(* For a Tychonoff space $X$, the following conditions are equivalent: (1) $C_p(X)$ is distinguished. (2) Every countable partition of $X$ admits a point-finite open expansion in $X$. (3) Every countable collection of pairwise disjoint subsets of $X$ admits a point-finite open expansion in $X$. (4) $X$ is a $\Delta$-space.
   Context: $C_p(X)$ denotes the vector space of all continuous real-valued functions on $X$ with the topology of pointwise convergence. A locally convex space $E$ is distinguished if its strong dual (the topological dual of $E$ with the topology of uniform convergence on bounded subsets of $E$) is barrelled. A partition of $X$ is a cover of $X$ by pairwise disjoint sets. A collection $\{U_\gamma:\gamma\in\Gamma\}$ is an expansion of a collection $\{X_\gamma:\gamma\in\Gamma\}$ in $X$ if $X_\gamma\subseteq U_\gamma\subseteq X$ for every $\gamma$; it is an open expansion if all $U_\gamma$ are open in $X$; it is point-finite if no point of $X$ belongs to infinitely many $U_\gamma$. A topological space $X$ is a $\Delta$-space if for every decreasing sequence $\{D_n:n\in\omega\}$ of subsets of $X$ with $\bigcap_n D_n=\emptyset$ there is a decreasing sequence $\{V_n:n\in\omega\}$ of open subsets of $X$ with $D_n\subseteq V_n$ for all $n$ and $\bigcap_n V_n=\emptyset$. All spaces are Tychonoff and infinite. *)

From HB Require Import structures.
From mathcomp Require Import all_boot all_order all_algebra.
From mathcomp Require Import all_classical all_reals all_analysis.
Unset Printing Implicit Defensive.
Import Order.TTheory GRing.Theory Num.Theory numFieldNormedType.Exports.
Local Open Scope classical_set_scope.
Local Open Scope ring_scope.

(* Real-valued scalars: any realType R (all realTypes are isomorphic to the reals). *)

Definition tychonoff_space (R : realType) (X : topologicalType) : Prop :=
  accessible_space X /\
  forall (F : set X) (x : X), closed F -> ~ F x ->
    exists f : X -> R, continuous f /\ f x = 0 /\
      (forall y, 0 <= f y <= 1) /\ (forall y, F y -> f y = 1).

(* The underlying set of C_p(X): continuous real-valued functions on X,
   viewed inside the space {ptws X -> R} (product = pointwise topology);
   C_p(X) carries the subspace topology. *)
Definition Cp (R : realType) (X : topologicalType) : set (X -> R) :=
  [set f | continuous f].

(* B ⊆ C_p(X) is bounded: absorbed by every neighbourhood of 0 in C_p(X)
   (a neighbourhood of 0 in the subspace is of the form V ∩ C_p(X) with V a
   neighbourhood of 0 in {ptws X -> R}). *)
Definition Cp_bounded (R : realType) (X : topologicalType) (B : set (X -> R)) : Prop :=
  B `<=` Cp R X /\
  forall V : set {ptws X -> R}, nbhs (0 : {ptws X -> R}) V ->
    exists r : R, 0 < r /\ forall s : R, r < `|s| ->
      forall f, B f -> exists g : X -> R, V g /\ Cp R X g /\ f = s *: g.

(* The topological dual of C_p(X): continuous linear functionals on C_p(X).
   A functional is represented by a map (X -> R) -> R; only its values on
   C_p(X) are relevant. *)
Definition Cp_dual (R : realType) (X : topologicalType) : set ((X -> R) -> R) :=
  [set phi | (forall (a b : R) (f g : X -> R), Cp R X f -> Cp R X g ->
                phi (a *: f + b *: g) = a * phi f + b * phi g) /\
             {within (Cp R X : set {ptws X -> R}), continuous (phi : {ptws X -> R} -> R)}].

(* Strong topology beta(E', E) on E' = Cp_dual: uniform convergence on bounded
   subsets of E.  A basic neighbourhood of psi is
   { phi in E' | forall f in B, |phi f - psi f| < eps } with B bounded, eps > 0
   (finite unions of bounded sets are bounded, so these form a base). *)
Definition strong_nbhs (R : realType) (X : topologicalType)
    (psi : (X -> R) -> R) (U : set ((X -> R) -> R)) : Prop :=
  exists (B : set (X -> R)) (eps : R), Cp_bounded R X B /\ 0 < eps /\
    [set phi | Cp_dual R X phi /\ forall f, B f -> `|phi f - psi f| < eps] `<=` U.

Definition strong_closed (R : realType) (X : topologicalType)
    (A : set ((X -> R) -> R)) : Prop :=
  forall psi, Cp_dual R X psi -> ~ A psi ->
    strong_nbhs R X psi (~` A).

Definition strong_barrel (R : realType) (X : topologicalType)
    (A : set ((X -> R) -> R)) : Prop :=
  A `<=` Cp_dual R X /\
  strong_closed R X A /\
  (forall (phi psi : (X -> R) -> R) (a b : R), A phi -> A psi ->
     `|a| + `|b| <= 1 -> A (a *: phi + b *: psi)) /\
  (forall phi, Cp_dual R X phi ->
     exists r : R, 0 < r /\ forall s : R, r <= `|s| ->
       exists chi, A chi /\ phi = s *: chi).

(* C_p(X) is distinguished: its strong dual is barrelled, i.e. every barrel of
   the strong dual is a neighbourhood of 0 in the strong topology. *)
Definition Cp_distinguished (R : realType) (X : topologicalType) : Prop :=
  forall A : set ((X -> R) -> R), strong_barrel R X A -> strong_nbhs R X (fun _ => 0) A.

(* Countable collections are indexed by nat (finite ones padded with empty sets). *)
Definition pairwise_disjoint_fam (X : Type) (D : nat -> set X) : Prop :=
  forall i j, i <> j -> D i `&` D j = set0.

Definition partition_fam (X : Type) (D : nat -> set X) : Prop :=
  pairwise_disjoint_fam X D /\ \bigcup_n D n = setT.

Definition point_finite_open_expansion (X : topologicalType)
    (D U : nat -> set X) : Prop :=
  (forall n, D n `<=` U n) /\ (forall n, open (U n)) /\
  (forall x, finite_set [set n | U n x]).

Definition delta_space (X : topologicalType) : Prop :=
  forall D : nat -> set X,
    (forall n, D n.+1 `<=` D n) -> \bigcap_n D n = set0 ->
    exists V : nat -> set X,
      (forall n, open (V n)) /\ (forall n, V n.+1 `<=` V n) /\
      (forall n, D n `<=` V n) /\ \bigcap_n V n = set0.

(* The last two equivalences are combinatorics of sequences of sets: a disjoint
   family is completed to a partition; a decreasing sequence with empty
   intersection is cut into its disjoint layers, and conversely the tails of a
   disjoint family form such a sequence; expansions and Delta-witnesses are
   exchanged by taking tails, point-finiteness corresponding to empty
   intersection.

   For the first equivalence we use that the dual of C_p(X) consists of finite
   combinations of point evaluations (by Tychonoff interpolation on finite
   sets).  (2) => (1): a barrel absorbs each evaluation at x with a radius
   w(x); the level sets of w form a partition, and an expansion of it yields a
   bounded set whose polar is inside the barrel.  (1) => (2): weighting each
   point by one plus the index of its member, the weighted unit ball of the
   dual is a barrel, hence contains a strong neighbourhood of 0 given by a
   bounded set B; the superlevel sets of the functions of B give the
   expansion. *)

From HB Require Import structures.
From mathcomp Require Import all_boot all_order all_algebra.
From mathcomp Require Import all_classical all_reals all_analysis.
From mathcomp Require Import ring lra.
Import Order.TTheory GRing.Theory Num.Theory numFieldNormedType.Exports.
Local Open Scope classical_set_scope.

Lemma finite_nat_bounded {A : set nat} : finite_set A ->
  exists N, forall k, A k -> (k < N)%N.
Proof.
move=> fA; exists (\max_(k <- finmap.enum_fset (fset_set A)) k).+1 => k Ak.
rewrite ltnS; apply: (@leq_bigmax_seq _ _ xpredT (fun k => k)) => //.
by rewrite in_fset_set // inE.
Qed.

Lemma bounded_nat_finite (A : set nat) (N : nat) :
  (forall k, A k -> (k < N)%N) -> finite_set A.
Proof.
move=> AN; apply: (@sub_finite_set _ _ `I_N); last exact: finite_II.
by move=> k /AN.
Qed.

Section SequencesOfSets.
Context {T : Type}.
Implicit Types (D U V : nat -> set T) (x : T).

Definition decreasing D := forall n, D n.+1 `<=` D n.

Definition tail_union U n := \bigcup_(k in [set k | (n <= k)%N]) U k.

Definition layer D n := D n `\` D n.+1.

Definition completion D n :=
  if n is 0%N then D 0%N `|` ~` \bigcup_k D k else D n.

Lemma decreasing_le {D m n} : decreasing D -> (m <= n)%N -> D n `<=` D m.
Proof.
move=> dD /subnK <-; elim: (n - m)%N => // d IH x.
by rewrite addSn => /dD /IH.
Qed.

Lemma bigcap_empty_avoid {V} x : \bigcap_n V n = set0 -> exists m, ~ V m x.
Proof.
move=> V0; apply: contrapT => inV; suff : (\bigcap_n V n) x by rewrite V0.
by move=> k _; apply: contrapT => nVk; apply: inV; exists k.
Qed.

Lemma leave_stage D n d x : D n x -> ~ D (n + d)%N x ->
  exists2 k, (n <= k)%N & layer D k x.
Proof.
elim: d => [|d IH] Dn nDd; first by rewrite addn0 in nDd.
have [Dd|] := pselect (D (n + d)%N x); last exact: IH.
by exists (n + d)%N; [exact: leq_addr | split => //; rewrite -addnS].
Qed.

Lemma layer_cover {D} : decreasing D -> \bigcap_n D n = set0 ->
  forall n, D n `<=` tail_union (layer D) n.
Proof.
move=> dD D0 n x Dnx; have [m nDm] := bigcap_empty_avoid x D0.
have [nm|mn] := leqP n m.
  have nDnd : ~ D (n + (m - n))%N x by rewrite subnKC.
  by have [k nk Lk] := @leave_stage D n (m - n) x Dnx nDnd; exists k.
by exfalso; apply: nDm; exact: (decreasing_le dD (ltnW mn) _ Dnx).
Qed.

Lemma layer_disjoint {D} : decreasing D -> pairwise_disjoint_fam T (layer D).
Proof.
move=> dD i j ij; apply/seteqP; split => // x [[Di nDi] [Dj nDj]].
have [lt_ij|lt_ji|//] := ltngtP i j.
  by apply: nDi; exact: decreasing_le dD lt_ij _ Dj.
by apply: nDj; exact: decreasing_le dD lt_ji _ Di.
Qed.

Lemma tail_decreasing U : decreasing (tail_union U).
Proof. by move=> n x [k /= nk Ukx]; exists k => //=; exact: ltnW. Qed.

Lemma tail_point_finite {U} : (forall x, finite_set [set n | U n x]) ->
  \bigcap_n tail_union U n = set0.
Proof.
move=> pU; apply/seteqP; split => // x Vx.
have [N hN] := finite_nat_bounded (pU x).
have [k /= Nk Ukx] := Vx N I.
by have := hN k Ukx; rewrite ltnNge Nk.
Qed.

Lemma tail_disjoint {D} : pairwise_disjoint_fam T D ->
  \bigcap_n tail_union D n = set0.
Proof.
move=> dD; apply/seteqP; split => // x Fx.
have [k /= _ Dk] := Fx 0%N I; have [k' /= kk' Dk'] := Fx k.+1 I.
have neq_kk' : k <> k' by move=> e; rewrite e ltnn in kk'.
by have /seteqP[sub0 _] := dD k k' neq_kk'; exact: (sub0 x (conj Dk Dk')).
Qed.

Lemma decreasing_point_finite {V} : decreasing V -> \bigcap_n V n = set0 ->
  forall x, finite_set [set n | V n x].
Proof.
move=> dV V0 x; have [m nVm] := bigcap_empty_avoid x V0.
apply: (@bounded_nat_finite _ m) => n Vn; rewrite ltnNge; apply/negP => mn.
by apply: nVm; exact: (decreasing_le dV mn _ Vn).
Qed.

Lemma completion_partition {D} : pairwise_disjoint_fam T D ->
  partition_fam T (completion D).
Proof.
move=> dD; split.
  move=> [|i] [|j] //= ij; apply/seteqP; split => // x [].
  - case=> [D0 Dj|nD Dj]; last by apply: nD; exists j.+1.
    by have /seteqP[+ _] := dD 0%N j.+1 ij; apply; split.
  - move=> Di [D0|nD]; last by apply: nD; exists i.+1.
    by have /seteqP[+ _] := dD i.+1 0%N ij; apply; split.
  - by move=> Di Dj; have /seteqP[+ _] := dD i.+1 j.+1 ij; apply; split.
apply/seteqP; split => // x _.
have [[n _ Dn]|nD] := pselect ((\bigcup_n D n) x).
  by exists n => //; case: n Dn => //= Dn; left.
by exists 0%N => //; right.
Qed.

Lemma completion_sub D n : D n `<=` completion D n.
Proof. by case: n => [|n] x Dx //=; left. Qed.

End SequencesOfSets.

Section ExpansionProperties.
Variable X : topologicalType.

Definition partition_expandable := forall D : nat -> set X,
  partition_fam X D -> exists U, point_finite_open_expansion X D U.

Definition disjoint_expandable := forall D : nat -> set X,
  pairwise_disjoint_fam X D -> exists U, point_finite_open_expansion X D U.

Lemma disjoint_partition_expandable :
  disjoint_expandable -> partition_expandable.
Proof. by move=> h D [dD _]; exact: h. Qed.

(* Expand the completed partition; its members contain the original ones. *)
Lemma partition_disjoint_expandable :
  partition_expandable -> disjoint_expandable.
Proof.
move=> h D dD; have [U [sU oU]] := h _ (completion_partition dD).
by exists U; split => // n; apply: subset_trans (sU n); exact: completion_sub.
Qed.

(* Expand the layers of a decreasing sequence; the tails of the expansion
   witness the Delta-property. *)
Lemma disjoint_expandable_delta : disjoint_expandable -> delta_space X.
Proof.
move=> h D dD D0; have [U [sU [oU pU]]] := h _ (layer_disjoint dD).
exists (tail_union U); split.
  by move=> n; apply: bigcup_open => k _; exact: oU.
split; first exact: tail_decreasing.
split; last exact: tail_point_finite.
move=> n x /(layer_cover dD D0) [k nk Lk]; exists k => //; exact: sU.
Qed.

(* Apply the Delta-property to the tails of a disjoint family. *)
Lemma delta_disjoint_expandable : delta_space X -> disjoint_expandable.
Proof.
move=> h D dD; have [V [oV [dV [sV V0]]]] :=
  h _ (tail_decreasing D) (tail_disjoint dD).
exists V; split; first by move=> n x Dx; apply: sV; exists n => /=.
by split => //; exact: decreasing_point_finite.
Qed.

End ExpansionProperties.

Local Open Scope ring_scope.

Section ContinuousRealFunctions.
Context {R : realType} {T : topologicalType}.
Implicit Types (f : T -> R) (a : R).

Lemma continuous_cstM a f : continuous f -> continuous (fun y => a * f y).
Proof.
move=> cf y; apply: (continuousM (s := fun=> a) (t := f)); last exact: cf.
exact: cst_continuous.
Qed.

Lemma continuous_sum (I : Type) (s : seq I) (F : I -> T -> R) :
  (forall i, continuous (F i)) -> continuous (fun y => \sum_(i <- s) F i y).
Proof.
move=> cF; elim: s => [|i s IH].
  by under eq_fun do rewrite big_nil; exact: cst_continuous.
under eq_fun do rewrite big_cons.
by move=> y; apply: continuousD; [exact: cF|exact: IH].
Qed.

Lemma continuous_bigmax (I : Type) (s : seq I) (F : I -> T -> R) :
  (forall i, continuous (F i)) ->
  continuous (fun y => \big[Num.max/0]_(i <- s) F i y).
Proof.
move=> cF; elim: s => [|i s IH].
  by under eq_fun do rewrite big_nil; exact: cst_continuous.
under eq_fun do rewrite big_cons.
by move=> y; apply: (continuous_max (cF i y)); exact: IH.
Qed.

Lemma continuous_lincomb (I : Type) (s : seq I) (c : I -> R) (F : I -> T -> R) :
  (forall i, continuous (F i)) ->
  continuous (fun y => \sum_(i <- s) c i * F i y).
Proof. by move=> cF; apply: continuous_sum => i; exact: continuous_cstM. Qed.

- To do: Copy out all lines of the material above in which "completed" occurs.

- Expected answer:
   family is completed to a partition; a decreasing sequence with empty
(* Expand the completed partition; its members contain the original ones. *)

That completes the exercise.